**Task to carry out**
Filter the listing so that only lines with the word "case" remain.

**Records for processing**
Lemma stab_weights_frame : stab_weights frame_weights frame_marginal.
Proof.
have F0 : (F%:R : rat) != 0 by rewrite pnatr_eq0 -lt0n.
have sum_delta l (g : {set subflow K N} -> rat) :
    \sum_S (config_set (sched l) == S)%:R / F%:R * g S = g (config_set (sched l)) / F%:R.
  rewrite (bigD1 (config_set (sched l))) //= eqxx big1 ?addr0 ?mul1r 1?mulrC //.
  by move=> S; rewrite eq_sym => /negbTE ->; rewrite !mul0r.
split.
- by move=> S; apply: sumr_ge0 => l _; apply: divr_ge0.
- move=> S nz; apply: contraNT nz => nstS; apply/eqP; apply: big1 => l _.
  have [eS|] := eqVneq (config_set (sched l)) S; last by rewrite mul0r.
  by case/negP: nstS; rewrite -eS; apply/stable_config_set/sched_valid.
- rewrite /frame_weights exchange_big /=.
  transitivity (\sum_(l < F) (F%:R)^-1 : rat).
    apply: eq_bigr => l _; rewrite -[RHS]mul1r -(sum_delta l (fun=> 1)).
    by apply: eq_bigr => S _; rewrite mulr1.
  by rewrite sumr_const card_ord -[_ *+ F]mulr_natr mulVf.
- move=> v _; rewrite /frame_marginal /frame_weights.
  under [RHS]eq_bigr do rewrite mulr_suml.
  by rewrite exchange_big; apply: eq_bigr => l _; rewrite sum_delta mulrC.
Qed.

Lemma frame_marginalE i J j :
  frame_marginal (i, J, j) = (count (recv F sched i J j) (index_iota 0 F))%:R / F%:R.
Proof.
rewrite /frame_marginal -mulr_suml -sum1_count natr_sum big_mkord.
congr (_ / _); rewrite [RHS]big_mkcond; apply: eq_bigr => l _.
rewrite inE /recv /slot_cfg modn_small //.
by case: (sched l i) => [[? ?]|] //; case: (_ && _).
Qed.

Lemma frame_schedule_in_STAB :
  (forall i J, J != set0 -> 0 <= r i J) ->
  (forall i J, J != set0 -> exists b : nat, r i J * F%:R = b%:R) ->
  in_STAB (enhanced r).
Proof.
move=> r_ge0 r_int; apply: (stab_weights_down_closed stab_weights_frame).
move=> [[i J] j] /andP[J0 jJ] /=; rewrite r_ge0 //= frame_marginalE.
have [b rb] := r_int i J J0.
by rewrite ler_pdivlMr ?ltr0n // rb ler_nat frame_recv_lb.
Qed.

End Necessity.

**Exercise response**
  by case/negP: nstS; rewrite -eS; apply/stable_config_set/sched_valid.
by case: (sched l i) => [[? ?]|] //; case: (_ && _).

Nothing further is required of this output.